Тем паче, Эсти искренне нравилась мне - что решительно значило для меня куда больше, чем всё остальное. Мне хотелось ткнуть этих спесивых засранцев носом в лужу, словно несдержанного щенка, нашкодившего в любимые ботинки хозяина. Я герцогиня - венец дворянского сословия после Цесса и его супруги, а раз так, то я постараюсь сделать всё, дабы обернуть ситуацию против них.
Мина ахнула, увидев наряд и я лишний раз уверилась в правильности своего выбора, ну что ж - добро пожаловать на бал, Клэрисса.
Из всех мужчин, что когда-либо встречались на моём жизненном пути герцог Александер Рэйдж производил, пожалуй, самое неоднозначное впечатление. Его ангельская внешность никак не вязалась с порочным изгибом тонких губ, а глаза напоминающие цитрины завораживали и пугали одновременно. В тот момент, когда хозяин особняка приветствовал вновь прибывших гостей поцелуем, его узкие ноздри затрепетали, вдыхая аромат пиона на моём запястье, а круглые зрачки, всего на мгновение, вытянулись в тонкие ниточки.

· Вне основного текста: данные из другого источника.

(* Let $(X,e\colon X\to M\otimes X)$ be a coalgebra for $F$ on $\mathbf{Met_3}^{C}$. Then there is at most one morphism $h\colon X\to S$ in $\mathbf{Met_3}^{C}$ with $s\circ h=(M\otimes h)\circ e$; in particular, the map $f\colon X\to S$, $f(x)=\lim_{n\to\infty}\theta_n(x)$ (where $\chi_0=x$, $\chi_n=(M^{n-1}\otimes e)(\chi_{n-1})=m_0\otimes\cdots\otimes m_{n-1}\otimes x_n$ and $\theta_n(x)=m_0\otimes\cdots\otimes m_{n-1}\otimes z\in G$ for a fixed $z\in\{T,L,R\}$), is the unique such morphism.
   Context: A tripointed metric space is a set with three distinct points $T,L,R$ and a metric bounded by $1$ in which $T,L,R$ have pairwise distance $1$. $\mathbf{Met_3}^{C}$: tripointed metric spaces with continuous maps preserving $T,L,R$. Let $M=\{a,b,c\}$. $M\times X$ has metric $\tfrac12d(x,y)$ within a copy and $1$ between copies; $M\otimes X$ is the quotient metric space by the equivalence relation generated by $(b,T)\sim(a,L)$, $(a,R)\sim(c,T)$, $(c,L)\sim(b,R)$, elements $m\otimes x$, distinguished points $a\otimes T,b\otimes L,c\otimes R$; $F=M\otimes-$, $(M\otimes f)(m\otimes x)=m\otimes f(x)$; $M^n\otimes-$ is the $n$-fold iterate. A coalgebra is $(X,e\colon X\to FX)$. With $I=\{T,L,R\}$ discrete and $!\colon I\to FI$ ($T\mapsto a\otimes T$, $L\mapsto b\otimes L$, $R\mapsto c\otimes R$), $G$ is the metric union of the chain of isometric embeddings $I\to FI\to F^2I\to\cdots$, and $g\colon M\otimes G\to G$, $g(m\otimes w)=m\otimes w$, is a bijective isometry. $S$ is the Cauchy completion of $G$ (distinguished points $T,L,R$); completing $g$ gives a bijective isometry $\psi\colon M\otimes S\to S$, and $s=\psi^{-1}$. The map $f$ above is well defined, continuous, and satisfies $s\circ f=(M\otimes f)\circ e$. *)

From Stdlib Require Import Reals Lra Lia Relations ClassicalEpsilon Eqdep_dec Arith.
Open Scope R_scope.

Inductive Mlab : Type := ma | mb | mc.

Definition Mlab_eqb (m m' : Mlab) : bool :=
  match m, m' with ma, ma | mb, mb | mc, mc => true | _, _ => false end.

Record pre3 : Type := Pre3 {
  car :> Type;
  dist : car -> car -> R;
  pT : car; pL : car; pR : car }.
Arguments dist {_} _ _.
Arguments pT {_}. Arguments pL {_}. Arguments pR {_}.

Definition is_metric (A : Type) (d : A -> A -> R) : Prop :=
  (forall x y, 0 <= d x y) /\
  (forall x y, d x y = 0 <-> x = y) /\
  (forall x y, d x y = d y x) /\
  (forall x y z, d x z <= d x y + d y z).

Definition is_tri_met (X : pre3) : Prop :=
  is_metric (car X) (@dist X) /\
  (forall x y : car X, dist x y <= 1) /\
  dist (@pT X) (@pL X) = 1 /\ dist (@pL X) (@pR X) = 1 /\ dist (@pT X) (@pR X) = 1.

Definition continuous_map (X Y : pre3) (f : car X -> car Y) : Prop :=
  forall x eps, 0 < eps -> exists delta, 0 < delta /\
    forall y, dist x y < delta -> dist (f x) (f y) < eps.

Definition morphism3 (X Y : pre3) (f : car X -> car Y) : Prop :=
  continuous_map X Y f /\ f pT = pT /\ f pL = pL /\ f pR = pR.

Definition quot (A : Type) (r : A -> A -> Prop) : Type :=
  { P : A -> Prop | exists a, P = r a }.
Definition qcl {A : Type} (r : A -> A -> Prop) (a : A) : quot A r :=
  exist _ (r a) (ex_intro _ a eq_refl).
Definition qrep {A : Type} {r : A -> A -> Prop} (q : quot A r) : A :=
  proj1_sig (constructive_indefinite_description _ (proj2_sig q)).

Definition is_glb (E : R -> Prop) (m : R) : Prop :=
  (forall v, E v -> m <= v) /\ (forall b, (forall v, E v -> b <= v) -> b <= m).
Definition Rinf (E : R -> Prop) : R := epsilon (inhabits 0) (is_glb E).

(** The quotient (pseudo)metric: infimum of the lengths of chains
    p_0 ~ x, q_0 ~ p_1, ..., q_n ~ y, length = sum_i d(p_i,q_i). *)
Definition chain_sums {A : Type} (d : A -> A -> R) (r : A -> A -> Prop)
  (P Q : A -> Prop) : R -> Prop :=
  fun v => exists (n : nat) (p q : nat -> A),
    P (p 0%nat) /\ Q (q n) /\ (forall i, (i < n)%nat -> r (q i) (p (S i))) /\
    v = sum_f_R0 (fun i => d (p i) (q i)) n.
Definition qdist {A : Type} (d : A -> A -> R) (r : A -> A -> Prop)
  (x y : quot A r) : R :=
  Rinf (chain_sums d r (proj1_sig x) (proj1_sig y)).

Inductive glue (X : pre3) : Mlab * car X -> Mlab * car X -> Prop :=
| glue1 : glue X (mb, pT) (ma, pL)
| glue2 : glue X (ma, pR) (mc, pT)
| glue3 : glue X (mc, pL) (mb, pR).
Definition geq (X : pre3) := clos_refl_sym_trans _ (glue X).

Definition dprod (X : pre3) (u v : Mlab * car X) : R :=
  if Mlab_eqb (fst u) (fst v) then dist (snd u) (snd v) / 2 else 1.

Definition Mtensor (X : pre3) : pre3 :=
  {| car := quot (Mlab * car X) (geq X);
     dist := qdist (dprod X) (geq X);
     pT := qcl (geq X) (ma, pT);
     pL := qcl (geq X) (mb, pL);
     pR := qcl (geq X) (mc, pR) |}.

Definition Mtmap (X Y : pre3) (f : car X -> car Y) (q : car (Mtensor X))
  : car (Mtensor Y) :=
  qcl (geq Y) (fst (qrep q), f (snd (qrep q))).

Inductive Ipt : Type := iT | iL | iR.
Definition Ipt_eqb (x y : Ipt) : bool :=
  match x, y with iT, iT | iL, iL | iR, iR => true | _, _ => false end.
Definition I3 : pre3 := Pre3 Ipt (fun x y => if Ipt_eqb x y then 0 else 1) iT iL iR.

Definition bang (x : Ipt) : car (Mtensor I3) :=
  match x with
  | iT => qcl (geq I3) (ma, iT)
  | iL => qcl (geq I3) (mb, iL)
  | iR => qcl (geq I3) (mc, iR)
  end.

Fixpoint Fiter (n : nat) : pre3 :=
  match n with 0 => I3 | S k => Mtensor (Fiter k) end.

Fixpoint emb (n : nat) : car (Fiter n) -> car (Fiter (S n)) :=
  match n with
  | 0 => bang
  | S k => Mtmap (Fiter k) (Fiter (S k)) (emb k)
  end.

Fixpoint lift (k n : nat) : car (Fiter n) -> car (Fiter (k + n)) :=
  match k with
  | 0 => fun x => x
  | S j => fun x => emb (j + n) (lift j n x)
  end.

Inductive Gstep : {n : nat & car (Fiter n)} -> {n : nat & car (Fiter n)} -> Prop :=
| gstep n x : Gstep (existT _ n x) (existT _ (S n) (emb n x)).
Definition Geq := clos_refl_sym_trans _ Gstep.

Definition Gdist_raw (u v : {n : nat & car (Fiter n)}) : R :=
  let (n, x) := u in let (m, y) := v in
  dist (lift m n x)
       (eq_rect _ (fun k => car (Fiter k)) (lift n m y) _ (Nat.add_comm n m)).

Definition G : pre3 :=
  {| car := quot {n : nat & car (Fiter n)} Geq;
     dist := fun a b => Gdist_raw (qrep a) (qrep b);
     pT := qcl Geq (existT _ 0%nat iT);
     pL := qcl Geq (existT _ 0%nat iL);
     pR := qcl Geq (existT _ 0%nat iR) |}.

Definition gmap (q : car (Mtensor G)) : car G :=
  let (m, w) := qrep q in
  let (n, x) := qrep w in
  qcl Geq (existT (fun k => car (Fiter k)) (S n) (qcl (geq (Fiter n)) (m, x))).

Lemma glb_exists (E : R -> Prop) :
  (exists v, E v) -> (forall v, E v -> 0 <= v) -> exists m, is_glb E m.
Proof.
  intros [v0 Hv0] Hpos.
  destruct (completeness (fun w => E (- w))) as [l [Hl1 Hl2]].
  - exists 0. intros w Hw. specialize (Hpos _ Hw). lra.
  - exists (- v0). rewrite Ropp_involutive. exact Hv0.
  - exists (- l). split.
    + intros v Hv. assert (- v <= l). { apply Hl1. rewrite Ropp_involutive. exact Hv. } lra.
    + intros b Hb. assert (l <= - b). { apply Hl2. intros w Hw. specialize (Hb _ Hw). lra. } lra.
Qed.

Lemma Rinf_spec (E : R -> Prop) : (exists m, is_glb E m) -> is_glb E (Rinf E).
Proof. intros H. unfold Rinf. apply epsilon_spec. exact H. Qed.

Lemma qcl_self {A} (r : A -> A -> Prop) (P : quot A r) :
  (forall a, r a a) -> exists a, proj1_sig P a.
Proof. destruct P as [P [a Ha]]. intros Hr. exists a. simpl. rewrite Ha. apply Hr. Qed.

Lemma Mtensor_basic (X : pre3) :
  (forall x y : car X, 0 <= dist x y) -> (forall x : car X, dist x x = 0) ->
  (forall x y : car (Mtensor X), 0 <= dist x y) /\ (forall x : car (Mtensor X), dist x x = 0).
Proof.
  intros Hpos Hself.
  assert (Hd : forall u v, 0 <= dprod X u v).
  { intros u v. unfold dprod. destruct (Mlab_eqb _ _).
    - specialize (Hpos (snd u) (snd v)). lra.
    - lra. }
  assert (Hr : forall a, geq X a a) by (intros a; apply rst_refl).
  assert (Hlow : forall P Q v, chain_sums (dprod X) (geq X) P Q v -> 0 <= v).
  { intros P Q v [n [p [q [_ [_ [_ ->]]]]]]. apply cond_pos_sum. intros; apply Hd. }
  split.
  - intros x y. simpl. unfold qdist.
    destruct (qcl_self _ x Hr) as [a Ha]. destruct (qcl_self _ y Hr) as [b Hb].
    assert (Hex : exists m, is_glb (chain_sums (dprod X) (geq X) (proj1_sig x) (proj1_sig y)) m).
    { apply glb_exists.
      - exists (sum_f_R0 (fun i => dprod X ((fun _ => a) i) ((fun _ => b) i)) 0).
        exists 0%nat, (fun _ => a), (fun _ => b).
        split; [exact Ha|]. split; [exact Hb|]. split; [intros i Hi; lia|]. reflexivity.
      - intros v Hv. exact (Hlow _ _ _ Hv). }
    destruct (Rinf_spec _ Hex) as [_ H2]. apply H2. intros v Hv. exact (Hlow _ _ _ Hv).
  - intros x. simpl. unfold qdist.
    destruct (qcl_self _ x Hr) as [a Ha].
    assert (H0 : chain_sums (dprod X) (geq X) (proj1_sig x) (proj1_sig x) 0).
    { exists 0%nat, (fun _ => a), (fun _ => a).
      split; [exact Ha|]. split; [exact Ha|]. split; [intros i Hi; lia|].
      simpl. unfold dprod. destruct a as [m xa]; destruct m; simpl; rewrite Hself; lra. }
    assert (Hex : exists m, is_glb (chain_sums (dprod X) (geq X) (proj1_sig x) (proj1_sig x)) m).
    { exists 0. split.
      - intros v Hv. exact (Hlow _ _ _ Hv).
      - intros b Hb. apply Hb. exact H0. }
    destruct (Rinf_spec _ Hex) as [H1 H2].
    apply Rle_antisym.
    + apply H1. exact H0.
    + apply H2. intros v Hv. exact (Hlow _ _ _ Hv).
Qed.

Lemma Fiter_basic (n : nat) :
  (forall x y : car (Fiter n), 0 <= dist x y) /\ (forall x : car (Fiter n), dist x x = 0).
Proof.
  induction n as [|n [IH1 IH2]].
  - split.
    + intros x y. simpl. destruct (Ipt_eqb x y); lra.
    + intros x. destruct x; simpl; reflexivity.
  - apply Mtensor_basic; assumption.
Qed.

Lemma G_self (w : car G) : dist w w = 0.
Proof.
  simpl. destruct (qrep w) as [n x]. unfold Gdist_raw.
  generalize (Nat.add_comm n n). intro E. rewrite (UIP_refl_nat _ E). simpl.
  apply (proj2 (Fiter_basic (n + n))).
Qed.
(* Let $q$ be a prime power, let $\mu\ge 2$ be an integer, and put $\delta=1/\sqrt{(q+1)\ln(q+1)}$. Then \[ \ell_\mu(2,3,q)\le 2D\sqrt{(q+1)\ln(q+1)}+2 \] holds in each of the following cases: (a) $D=2.4$, if $\mu=2$ and $q\ge 97$; (b) $D=2.6$, if $\mu=3$ and $q\ge 181$; (c) $D=2.8$, if $\mu=4$ and $q\ge 125$; (d) $D=\mu+1$, if $\mu\le\sqrt{q}$ and $q\ge 4$; (e) $D=2\mu-1$, if $\mu\le \frac12\big((1-\delta)q-\delta+1\big)+1$ and $q\ge 3$.
   Context: A linear code $C$ over $\mathbb{F}_q$ with covering radius $R$ is an $(R,\mu)$-multiple covering of the farthest-off points ($(R,\mu)$-MCF code) if for every vector $x\in\mathbb{F}_q^n$ at Hamming distance exactly $R$ from $C$, the number of codewords of $C$ at distance $R$ from $x$ is at least $\mu$. The $\mu$-length function $\ell_\mu(R,r,q)$ is the smallest length $n$ of a linear $(R,\mu)$-MCF code over $\mathbb{F}_q$ of length $n$, codimension $r$ and covering radius $R$. Here $\ln$ is the natural logarithm. *)

From HB Require Import structures.
From mathcomp Require Import all_boot all_order all_algebra.
From Stdlib Require Import Reals.
Set Implicit Arguments. Unset Strict Implicit. Unset Printing Implicit Defensive.

Section Codes.
Variables (F : finFieldType) (n : nat).
(* Identify $\mathbb{Z}^4$ with $\mathbb{H}(\mathbb{Z})$ via $(x,y,z,t)\mapsto x+yi+zj+tk$. Let $q_1,q_2\in\mathbb{H}(\mathbb{Z})$ be odd integer quaternions, neither of which is right-divisible in $\mathbb{H}(\mathbb{Z})$ by any quaternion $\alpha+\beta i$ with $\alpha,\beta\in\mathbb{Z}$ and $\alpha^2+\beta^2>1$. Let $u=q_1 j\overline{q_2}=(u_1,u_2,u_3,u_4)$ and $v=q_1 k\overline{q_2}=(v_1,v_2,v_3,v_4)$, and let $\square=\mathrm{conv}\{0,u,v,u+v\}$. Then the area of a fundamental domain of the lattice $\mathbb{Z}^4\cap\operatorname{span}_{\mathbb{R}}\{u,v\}$ equals $\operatorname{lcm}(N(q_1),N(q_2))$, and the Ehrhart polynomial of $\square$ is $$E_\square(t)=\gcd(N(q_1),N(q_2))\,t^2+(D_1+D_2)\,t+1,$$ where $D_1=\gcd(u_1,u_2,u_3,u_4)$ and $D_2=\gcd(v_1,v_2,v_3,v_4)$.
   Context: $\mathbb{H}(\mathbb{Z})$ denotes quaternions $x+yi+zj+tk$ with $x,y,z,t\in\mathbb{Z}$, with $i^2=j^2=k^2=-1$, $ij=-ji=k$, $jk=-kj=i$, $ki=-ik=j$; $\overline{q}=x-yi-zj-tk$ and $N(q)=x^2+y^2+z^2+t^2$. A quaternion $q$ is odd if $N(q)$ is odd. Right-divisible by $\pi$ means $q=q'\pi$ with $q'\in\mathbb{H}(\mathbb{Z})$. The Ehrhart polynomial of a lattice polytope $P\subset\mathbb{R}^4$ is the polynomial $E_P$ with $E_P(t)=\#(tP\cap\mathbb{Z}^4)$ for all positive integers $t$. *)

From HB Require Import structures.
From mathcomp Require Import all_boot all_order all_algebra.
Set Implicit Arguments. Unset Strict Implicit. Unset Printing Implicit Defensive.
Import Order.TTheory GRing.Theory Num.Theory.
Local Open Scope ring_scope.

(* Integer quaternions x + y i + z j + t k, identified with Z^4 = (x,y,z,t). *)
Definition quat := (int * int * int * int)%type.
Definition Quat (x y z t : int) : quat := (x, y, z, t).
Definition qx (q : quat) : int := q.1.1.1.
Definition qy (q : quat) : int := q.1.1.2.
Definition qz (q : quat) : int := q.1.2.
Definition qt (q : quat) : int := q.2.

Definition qcoord (q : quat) (k : nat) : int := nth 0 [:: qx q; qy q; qz q; qt q] k.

Герцог моргнул и наваждение, вызванное странной связью наших взглядов, исчезло, оставив неприятное ощущение там, где под перчаткой вился брачный браслет. Единственный из полного дома разодетых гостей, он был облачен в обычный бальный наряд и не носил маски, пожелав нам прекрасного вечера и нескучной ночи, он вернулся к своим обязанностям хозяина вечера.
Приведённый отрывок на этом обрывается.